ACLS Mourns the Passing of Frederick M. Bohen


Frederick M. Bohen, who served as chair of the ACLS Investment Committee from 1998 until 2003 and as a member of its Board of Directors from 1998 until 2007, died on March 14, 2015 in New York at the age of 77.   He remained a valued member of the Investment Committee after serving as chair.  "Fred’s dedicated service significantly strengthened ACLS," said Council president Pauline Yu.  "He re-designed our investment program and guided the Investment Committee in the diversification of our portfolio.  Fred recruited new expert professionals to the Committee and led its deliberations with focus, diligence, and prudence.  The results of his stewardship are remarkable:  when he assumed the chair of the Committee, the ACLS endowment was valued at approximately $50 Million; at the end of 2014, the value stood at $116.5 Million."

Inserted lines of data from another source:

Lemma sum_sgn_eq0 (T : finType) (h : T -> bool) (t : T -> T) :
  injective t -> (forall x, h (t x) = ~~ h x) -> \sum_x sgn R (h x) = 0.
Proof.
move=> t_inj ht; have hN : \sum_x sgn R (h x) = - \sum_x sgn R (h x).
  rewrite [LHS](reindex_inj t_inj) -sumrN.
  by apply: eq_bigr => x _; rewrite ht; case: (h x); rewrite /sgn ?opprK.
by apply/eqP; rewrite -[_ == 0](mulrn_eq0 _ 2) mulr2n addr_eq0 -hN.
Qed.

Lemma sum_sgn_ip n (s : vec n) :
  \sum_y sgn R (ip s y) = (s == 0)%:R * (2 ^ n)%N%:R.
Proof.
have [->|s0] := eqVneq s 0.
  by rewrite mul1r -card_vec -sumr_const; apply: eq_bigr => y _; rewrite ip0l.
have [i si] : exists i, s i.
  apply/existsP; apply: contraNT s0; rewrite negb_exists => /forallP s0.
  by apply/eqP/ffunP=> i; rewrite ffunE; apply/negbTE.
rewrite mul0r (@sum_sgn_eq0 _ _ (fun y : vec n => y + [ffun j => j == i])) //.
- exact: addIr.
- by move=> y; rewrite ipDr ip_delta si; case: (ip s y).
Qed.

End Characters.

Section MomentCurve.
Variable F : fieldType.
Implicit Types a b c u v w : F.

Lemma moment2_eq0 a b u v :
  a != b -> u + v = 0 -> a * u + b * v = 0 -> u = 0 /\ v = 0.
Proof.
move=> ab e1 e2; have /eqP : (b - a) * u = 0.
  have -> : (b - a) * u = b * (u + v) - (a * u + b * v) by ring.
  by rewrite e1 e2 mulr0 subr0.
rewrite mulf_eq0 subr_eq0 eq_sym (negbTE ab) => /eqP u0.
by move: e1; rewrite u0 add0r.
Qed.

Lemma moment3_eq0 a b c u v w :
  a != b -> b != c -> a != c ->
  u + v + w = 0 -> a * u + b * v + c * w = 0 ->
  a ^+ 2 * u + b ^+ 2 * v + c ^+ 2 * w = 0 -> [/\ u = 0, v = 0 & w = 0].
Proof.
move=> ab bc ac e1 e2 e3.
(* (a - b) (a - c) is the value at a of X^2 - (b + c) X + b c, which vanishes at b and c. *)
have /eqP : (a - b) * (a - c) * u = 0.
  have -> : (a - b) * (a - c) * u = a ^+ 2 * u + b ^+ 2 * v + c ^+ 2 * w
      - (b + c) * (a * u + b * v + c * w) + b * c * (u + v + w) by ring.
  by rewrite e1 e2 e3 !mulr0 subr0 addr0.
rewrite !mulf_eq0 !subr_eq0 (negbTE ab) (negbTE ac) /= => /eqP u0.
move: e1 e2; rewrite u0 mulr0 !add0r => e1 e2.
by have [] := moment2_eq0 bc e1 e2.
Qed.

End MomentCurve.

Lemma leq_sum_cover (I T : finType) (g : I -> T) (P : pred T) (f : T -> nat) :
  (forall r, P r -> r \in codom g) -> (\sum_(r | P r) f r <= \sum_p f (g p))%N.
Proof.
move=> sBg; rewrite (partition_big g predT) //= [X in (_ <= X)%N](bigID P) /=.
apply: leq_trans (leq_addr _ _); apply: leq_sum => r /sBg /codomP[p ->].
by rewrite (bigD1 p) //= leq_addr.
Qed.
Lemma union_bound (U : finType) (f : U -> I) m (E : set T) i0 : measurable E ->
  (forall x, E x -> exists2 L : m.-tuple U,
     uniq (map f L) & forall o, o \in L -> t <= X (f o) x) ->
  (P E <= (#|U| ^ m)%:R%:E * P [set x | (t <= X i0 x)%R] ^+ m)%E.
Proof.
move=> mE cover.
pose A (L : m.-tuple U) := if uniq (map f L) then all_exceed (map f L) else set0.
have mA L : measurable (A L).
  rewrite /A; case: ifP => // _; apply: fin_bigcap_measurable; first exact: finite_seq.
  by move=> i _; exact: measurable_exceed.
have PA L : (P (A L) <= P [set x | (t <= X i0 x)%R] ^+ m)%E.
  rewrite /A; case: ifP => [L_uniq|_]; last by rewrite measure0 expe_ge0.
  by rewrite (measure_all_exceed i0 L_uniq) size_map size_tuple.
have E_sub : E `<=` \bigcup_(L in setT) A L.
  move=> x /cover [L L_uniq L_exceed]; exists L => //.
  by rewrite /A L_uniq; move=> _ /mapP [u uL ->]; exact: L_exceed.
apply: le_trans (content_sub_fsum _ finite_finset (fun L _ => mA L) mE E_sub) _.
rewrite (fsbigE (enum {: m.-tuple U})) ?enum_uniq //=; last by move=> L _; rewrite mem_enum.
under eq_bigl do rewrite in_setT.
rewrite big_enum /=; apply: le_trans; first by apply: lee_sum => L _; exact: PA.
by rewrite sumr_const card_tuple mule_natl.
Qed.

End UnionBound.

Section Measurability.
Variables (R : realType) (dT : measure_display) (T : measurableType dT).
Implicit Types (Q : Prop) (A : set T).

Lemma measurable_exists (U : countType) (F : U -> set T) :
  (forall u, measurable (F u)) -> measurable [set x | exists u, F u x].
Proof.
move=> mF; have -> : [set x | exists u, F u x] = \bigcup_u F u.
  by apply/seteqP; split => x /= [u]; exists u.
exact: countable_bigcupT_measurable.
Qed.

Lemma measurable_forall (U : countType) (F : U -> set T) :
  (forall u, measurable (F u)) -> measurable [set x | forall u, F u x].
Proof.
move=> mF; have -> : [set x | forall u, F u x] = ~` [set x | exists u, ~ F u x].
  apply/seteqP; split => x /= Fx; first by case=> u; apply.
  by move=> u; apply: contrapT => nFux; apply: Fx; exists u.
by apply/measurableC/measurable_exists => u; exact/measurableC.
Qed.

Lemma measurable_and_prop Q A : (Q -> measurable A) -> measurable [set x | Q /\ A x].
Proof.
move=> mA; have [q|nq] := pselect Q.
  have -> : [set x | Q /\ A x] = A by apply/seteqP; split => [x []|x Ax].
  exact: mA.
by have -> : [set x | Q /\ A x] = set0 by apply/seteqP; split => x // [].
Qed.

Lemma measurable_imply_prop Q A : (Q -> measurable A) -> measurable [set x | Q -> A x].
Proof.
move=> mA; have [q|nq] := pselect Q.
  have -> : [set x | Q -> A x] = A by apply/seteqP; split => [x /(_ q)|x Ax _].
  exact: mA.
by have -> : [set x | Q -> A x] = setT by apply/seteqP; split => x // _.
Qed.

Variables (d : nat) (tau : Edge d -> T -> R).
Hypothesis mtau : forall f, measurable_fun setT (tau f).

Lemma measurable_path_weight_ge gam (r : R) :
  measurable [set x | r <= path_weight (fun f => tau f x) gam].
Proof.
have mw : measurable_fun setT (fun x => path_weight (fun f => tau f x) gam).
  apply: measurable_sum => xy.
  by case: (edge_of xy.1 xy.2) => [f|]; [exact: mtau | exact: measurable_cst].
by have := mw measurableT _ (measurable_ge r); rewrite setTI.
Qed.

Lemma measurable_passT_ge (A : set (Edge d)) u w (r : R) :
  measurable [set x | (r%:E <= passT A (fun f => tau f x) u w)%E].
Proof.
have -> : [set x | (r%:E <= passT A (fun f => tau f x) u w)%E] =
    [set x | forall gam, sa_path A u w gam -> r <= path_weight (fun f => tau f x) gam].
  apply/seteqP; split => x /= r_le.
    move=> gam gam_path; rewrite -lee_fin; apply: le_trans r_le _.
    by apply: ereal_inf_lbound; exists gam.
  by apply: le_ereal_inf_tmp => _ [gam gam_path <-]; rewrite lee_fin; exact: r_le.
apply: measurable_forall => gam; apply: measurable_imply_prop => _.
exact: measurable_path_weight_ge.
Qed.

Lemma measurable_large k (M : R) e :
  measurable [set x | kM_large k M (fun f => tau f x) e].
Proof.
apply: measurable_forall => h; apply: measurable_imply_prop => _.
have : measurable [set x | exists uw : vtx d * vtx d, (Sv e h uw.1 /\ Sv e h uw.2) /\
                    (M%:E <= passT (Se e h) (fun f => tau f x) uw.1 uw.2)%E].
  apply: measurable_exists => uw; apply: measurable_and_prop => _.
  exact: measurable_passT_ge.
congr (measurable _); apply/seteqP; split => x /=.
  by move=> [[u w] [[Su Sw] M_le]]; exists u, w.
by move=> [u [w [Su Sw M_le]]]; exists (u, w).
Qed.

End Measurability.

Lemma expeM (R : realType) (x : \bar R) m n : (x ^+ (m * n) = (x ^+ m) ^+ n)%E.
Proof.
have expeD p q : (x ^+ (p + q) = x ^+ p * x ^+ q)%E.
  by elim: p => [|p IH]; rewrite ?mul1e // addSn !expeS IH muleA.
by elim: n => [|n IH]; rewrite ?muln0 // mulnS expeD IH expeS.
Qed.

Theorem lemma3p2 (R : realType) (d k : nat) (hd : (2 <= d)%N) :
  exists C C' : R, 0 < C /\ 1 <= C' /\
  forall (dT : measure_display) (T : measurableType dT) (P : probability T R)
         (tau : Edge d -> T -> R),
    (forall e, measurable_fun setT (tau e)) ->
    (forall e x, 0 <= tau e x) ->
    identically_distributed P tau ->
    mutually_independent P tau ->
    forall M : R, 0 < M ->
    forall e : Edge d,
      (P [set x | kM_large k M (fun f => tau f x) e]
        <= C%:E * ((P [set x | (M / C' <= tau e x)%R]) ^+ k) ^+ (d - 1))%E.
Proof.
exists (#|{: box_pt d k * box_pt d k}| ^ (k * (d - 1)))%:R, ((k.*2).+1 ^ d)%:R.
have codes_gt0 : (0 < #|{: box_pt d k * box_pt d k}|)%N.
  by apply/card_gt0P; exists ([ffun=> ord0], [ffun=> ord0]).
split; first by rewrite ltr0n expn_gt0 codes_gt0.
split; first by rewrite ler1n expn_gt0.
move=> dT T P tau mtau _ tau_id tau_indep M M_gt0 e.
rewrite -expeM; apply: (union_bound mtau tau_id tau_indep (f := edge_decode (ve e) e)).
  exact: measurable_large.
by move=> x /(large_heavy_codes hd M_gt0).
Qed.
(* Let $(\mathfrak{g},[\cdot,\ldots,\cdot],\varepsilon,\alpha)$ be an $n$-Hom-Lie color algebra. Then $\mathfrak{g}$ admits a product structure if and only if $\mathfrak{g}$ admits a decomposition $\mathfrak{g}=\mathfrak{g}_+\oplus\mathfrak{g}_-$ (so that $\mathfrak{g}_\gamma=(\mathfrak{g}_+\cap\mathfrak{g}_\gamma)\oplus(\mathfrak{g}_-\cap\mathfrak{g}_\gamma)$ for every $\gamma\in\Gamma$) into two nonzero $\Gamma$-graded subalgebras $\mathfrak{g}_+$ and $\mathfrak{g}_-$. Moreover, if $\mathcal{P}$ is a product structure, the eigenspaces $\mathfrak{g}_+=\{x:\mathcal{P}x=x\}$ and $\mathfrak{g}_-=\{x:\mathcal{P}x=-x\}$ give such a decomposition.
   Context: $\mathbb{K}$ is a field of characteristic zero and $\Gamma$ an abelian group. A bicharacter is a map $\varepsilon:\Gamma\times\Gamma\to\mathbb{K}\setminus\{0\}$ with $\varepsilon(a,b)\varepsilon(b,a)=1$, $\varepsilon(a,b+c)=\varepsilon(a,b)\varepsilon(a,c)$, $\varepsilon(a+b,c)=\varepsilon(a,c)\varepsilon(b,c)$. For homogeneous $x,y$, $\varepsilon(x,y)=\varepsilon(|x|,|y|)$ and $\varepsilon(x,y_1+\dots+y_k)=\varepsilon(|x|,|y_1|+\dots+|y_k|)$ ($=1$ for an empty sum). An $n$-Hom-Lie color algebra $(\mathfrak{g},[\cdot,\ldots,\cdot],\varepsilon,\alpha)$ is a $\Gamma$-graded vector space with an $n$-linear bracket of degree zero, a bicharacter $\varepsilon$ and a degree-zero linear map $\alpha$ such that for homogeneous elements: (i) $[x_1,\ldots,x_i,x_{i+1},\ldots,x_n]=-\varepsilon(x_i,x_{i+1})[x_1,\ldots,x_{i+1},x_i,\ldots,x_n]$; (ii) $[\alpha(x_1),\ldots,\alpha(x_{n-1}),[y_1,\ldots,y_n]]=\sum_{i=1}^n\varepsilon(x_1+\dots+x_{n-1},y_1+\dots+y_{i-1})[\alpha(y_1),\ldots,\alpha(y_{i-1}),[x_1,\ldots,x_{n-1},y_i],\alpha(y_{i+1}),\ldots,\alpha(y_n)]$. A $\Gamma$-graded subalgebra is a graded subspace $\mathfrak{h}=\bigoplus_\gamma(\mathfrak{h}\cap\mathfrak{g}_\gamma)$ with $\alpha(\mathfrak{h})\subseteq\mathfrak{h}$ and $[\mathfrak{h},\ldots,\mathfrak{h}]\subseteq\mathfrak{h}$. For a degree-zero linear $\mathcal{N}$ set $[\cdot]^0_{\mathcal{N}}=[\cdot]$ and $[x_1,\ldots,x_n]^j_{\mathcal{N}}=\sum_{i_1<\dots<i_j}[x_1,\ldots,\mathcal{N}x_{i_1},\ldots,\mathcal{N}x_{i_j},\ldots,x_n]-\mathcal{N}([x_1,\ldots,x_n]^{j-1}_{\mathcal{N}})$ for $1\le j\le n-1$ ($\mathcal{N}$ applied exactly at positions $i_1,\ldots,i_j$); $\mathcal{N}$ is a Nijenhuis operator if $\mathcal{N}\alpha=\alpha\mathcal{N}$ and $[\mathcal{N}x_1,\ldots,\mathcal{N}x_n]=\mathcal{N}([x_1,\ldots,x_n]^{n-1}_{\mathcal{N}})$. An almost product structure is a degree-zero linear map $\mathcal{P}:\mathfrak{g}\to\mathfrak{g}$ with $\mathcal{P}\neq\pm\mathrm{id}_{\mathfrak{g}}$ and $\mathcal{P}^2=\mathrm{id}_{\mathfrak{g}}$; a product structure is an almost product structure which is a Nijenhuis operator. *)

From HB Require Import structures.
From mathcomp Require Import all_boot all_order.
From mathcomp Require Import fingroup perm.
From mathcomp Require Import all_algebra.
Set Implicit Arguments. Unset Strict Implicit. Unset Printing Implicit Defensive.
Import Order.TTheory GRing.Theory Num.Theory.
Local Open Scope ring_scope.
Lemma additive_neq0_witness m (D : {additive 'rV[int]_n -> 'rV[int]_m}) x :
  D x != 0 -> exists2 d, d != 0 & forall t, moment t d != 0 -> D (powers_row t) != 0.
Proof.
move=> Dx; have /existsP[l Dl] : [exists l, D (delta_mx 0 l) != 0].
  apply: contraNT Dx => /existsPn Dl0; rewrite additive_row_expand big1 // => l _.
  by rewrite (eqP (negbNE (Dl0 l))) mul0rz.
have /existsP[c Dlc] : [exists c, D (delta_mx 0 l) 0 c != 0].
  apply: contraNT Dl => /existsPn Dlc0; apply/eqP/rowP => c.
  by rewrite mxE; apply/eqP/negbNE.
exists (\row_l' D (delta_mx 0 l') 0 c).
  by apply/eqP => /rowP /(_ l) /eqP; rewrite !mxE; exact/negP.
move=> t; rewrite -additive_powers_row; apply: contraNneq => ->.
by rewrite mxE.
Qed.

Lemma exists_powers_row_neq0 m (I : finType) (D : I -> {additive 'rV[int]_n -> 'rV[int]_m}) :
  exists t, forall i, (exists x, D i x != 0) -> D i (powers_row t) != 0.
Proof.
have witness i : exists d, (exists x, D i x != 0) ->
    d != 0 /\ forall t, moment t d != 0 -> D i (powers_row t) != 0.
  case: (pselect (exists x, D i x != 0)) => [[x /additive_neq0_witness[d]]|]; last by exists 0.
  by exists d.
have [d Hd] := choice witness.
pose ds := [seq d i | i <- enum I & `[< exists x, D i x != 0 >]].
have [|t Ht] := @exists_moment_neq0 ds.
  by move=> d' /mapP[i]; rewrite mem_filter => /andP[/asboolP /Hd[nz _] _] ->.
exists t => i Di; apply: (Hd i Di).2; apply: Ht; apply: map_f.
by rewrite mem_filter mem_enum andbT; apply/asboolP.
Qed.

End Moments.

Section Limsup.
Variable R : realType.
Local Open Scope ereal_scope.

Lemma ereal_sup_addr_le (S : set (\bar R)) (c : R) y :
  (forall x, S x -> x + c%:E <= y) -> ereal_sup S + c%:E <= y.
Proof.
move=> Sy; rewrite -leeBrDr //; apply: ge_ereal_sup => x Sx.
by rewrite leeBrDr //; exact: Sy.
Qed.

Lemma limn_esup_addr_le (r s : (\bar R)^nat) (c : R) N :
  (forall m, (N <= m)%N -> r m + c%:E <= s m) -> limn_esup r + c%:E <= limn_esup s.
Proof.
move=> rs; rewrite !limn_esup_lim.
have inf_esups (v : (\bar R)^nat) : limn (esups v) = ereal_inf (range (esups v)).
  by apply/cvg_lim => //; exact: cvg_esups_inf.
rewrite !inf_esups; apply: le_ereal_inf_tmp => _ [m _ <-].
pose m' := maxn m N.
apply: (@le_trans _ _ (esups r m' + c%:E)).
  by apply: leeD2r; apply: ereal_inf_lbound; exists m'.
apply: (@le_trans _ _ (esups s m')); last by apply: nonincreasing_esups; rewrite leq_maxl.
apply: ereal_sup_addr_le => _ [i /= m'i <-]; apply: le_trans (rs i _) _.
  by apply: leq_trans m'i; rewrite leq_maxr.
by apply: ereal_sup_ubound; exists i.
Qed.

End Limsup.

Lemma ln_ratio_addn (R : realType) (d D m p : nat) : (0 < d)%N -> (2 <= m)%N ->
  (d * m.+1 ^ p <= D)%N -> ln (d%:R : R) / ln m%:R + p%:R <= ln (D%:R : R) / ln m%:R.
Proof.
move=> d_gt0 m_ge2 dD.
have lnm_gt0 : 0 < ln (m%:R : R) by apply: ln_gt0; rewrite ltr1n.
have D_gt0 : (0 < D)%N by apply: leq_trans dD; rewrite muln_gt0 d_gt0 expn_gt0.
rewrite ler_pdivlMr // mulrDl divfK ?gt_eqF // mulr_natl.
have lnD : ln (d%:R * m.+1%:R ^+ p : R) <= ln (D%:R : R).
  rewrite ler_ln ?posrE ?mulr_gt0 ?exprn_gt0 ?ltr0n //.
  by rewrite -natrX -natrM ler_nat.
rewrite lnM ?posrE ?exprn_gt0 ?ltr0n // lnXn ?ltr0n // in lnD.
apply: le_trans lnD; rewrite lerD2l; apply: ler_wMn2r.
by rewrite ler_ln ?posrE ?ltr0n ?ler_nat // (leq_trans _ m_ge2).
Qed.

Lemma List_In_nth (T : Type) (x0 : T) (s : seq T) x : List.In x s ->
  exists2 i, (i < size s)%N & nth x0 s i = x.
Proof.
elim: s => [|y s IH] //= [->|/IH[i lt_i_s <-]]; first by exists 0%N.
by exists i.+1.
Qed.

Section GaloisGroup.
Variables (L : fieldType) (K : set L).
Implicit Types g h : L -> L.

Lemma galK_0 g : galK K g -> g 0 = 0.
Proof. by move=> [[gD _ _ _] _]; apply: (@addrI _ (g 0)); rewrite addr0 -gD addr0. Qed.

Lemma galK_1 g : galK K g -> g 1 = 1.
Proof. by move=> [[_ _ g1 _] _]. Qed.

Lemma galK_eqfun g h : galK K g -> g =1 h -> galK K h.
Proof.
move=> [[gD gM g1 [g' g'K Kg']] gK] gh; split; first split.
- by move=> x y; rewrite -!gh.
- by move=> x y; rewrite -!gh.
- by rewrite -gh.
- by exists g' => x; rewrite -gh ?g'K ?Kg'.
by move=> x Kx; rewrite -gh gK.
Qed.

Lemma galK_id : galK K id.
Proof. by split; [split => //; exists id|]. Qed.

Lemma galK_comp g h : galK K g -> galK K h -> galK K (g \o h).
Proof.
move=> [[gD gM g1 gB] gK] [[hD hM h1 hB] hK]; split; first split.
- by move=> x y /=; rewrite hD gD.
- by move=> x y /=; rewrite hM gM.
- by rewrite /= h1 g1.
- exact: bij_comp.
by move=> x Kx /=; rewrite hK ?gK.
Qed.

Lemma galK_inv g : galK K g -> exists g', [/\ galK K g', cancel g g' & cancel g' g].
Proof.
move=> [[gD gM g1 [g' gK' Kg']] gK]; exists g'; split => //; split; first split.
- by move=> x y; apply: (can_inj gK'); rewrite gD !Kg'.
- by move=> x y; apply: (can_inj gK'); rewrite gM !Kg'.
- by apply: (can_inj gK'); rewrite g1 Kg'.
- by exists g.
by move=> x Kx; apply: (can_inj gK'); rewrite Kg' gK.
Qed.

End GaloisGroup.

Section GaloisAlgebra.
Variables (R : realType) (k L : fieldType) (n : nat) (phi : 'rV[int]_n -> L -> L).
Variables (Gam : comAlgType k) (U : algType k) (e : {lrmorphism Gam -> U}).
Variables (u : U -> 'rV[int]_n -> L) (j : Gam -> L).
Hypothesis e_inj : injective e.
Hypothesis phi_aut : forall a, is_ring_aut (phi a).
Hypothesis phi0 : forall x, phi 0 x = x.
Hypothesis u_inj : injective u.
Hypothesis u_fin : forall v, fin_supp (u v).
Hypothesis u1 : forall a, u 1 a = if a == 0 then 1 else 0.
Hypothesis uD : forall v w a, u (v + w) a = u v a + u w a.
Hypothesis uM : forall v w (s : seq 'rV[int]_n), uniq s ->
  (forall a, u v a != 0 -> a \in s) ->
  forall c, u (v * w) c = \sum_(a <- s) u v a * phi a (u w (c - a)).
Hypothesis u_Gam : forall g a, u (e g) a = if a == 0 then j g else 0.

Lemma u0 a : u 0 a = 0.
Proof. by apply: (@addrI _ (u 0 a)); rewrite addr0 -uD addr0. Qed.

Lemma u_sum (I : Type) (r : seq I) (F : I -> U) a :
  u (\sum_(i <- r) F i) a = \sum_(i <- r) u (F i) a.
Proof.
elim: r => [|i r IH]; first by rewrite !big_nil u0.
by rewrite !big_cons uD IH.
Qed.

Fred was executive vice president of the Rockefeller University when he joined ACLS.   He retired from that post, in 1999, but returned to Rockefeller as executive vice president (acting) from 2002 to 2005. Before that, he held executive positions at Brown University and the University of Minnesota and served as assistant secretary for management and budget of the federal Department of Health and Human Services during the Carter administration. Bohen was an independent outside director of the APACHE Corporation and a founding trustee of the Teak Fellowship. He  served on other corporate boards and as a trustee of Stephens College. He earned his A.B. degree at Harvard College and his M.P.A. from the Woodrow Wilson School at Princeton University

“Another achievement of Fred’s wise leadership was the acquisition of our current office space,” said President Yu.  “In 2001, our lease on rental space was expiring and search for workable alternatives had been unavailing.  Fred independently identified the possibility of purchasing the condominium unit at 633 Third Avenue we now occupy and convinced president D’Arms and the Board of the long-term promise of the investment.  Fred was right:  not only has the new location proven convenient, but the value of the unit has appreciated several-fold.”

“Quantitative measures, however, cannot begin to convey the rewarding experience of working with Fred,” Ms. Yu continued.  “He was unfailingly gracious and thoughtful, yet also determined and rigorous in all dealings.  We mourn his loss and will prize his memory.”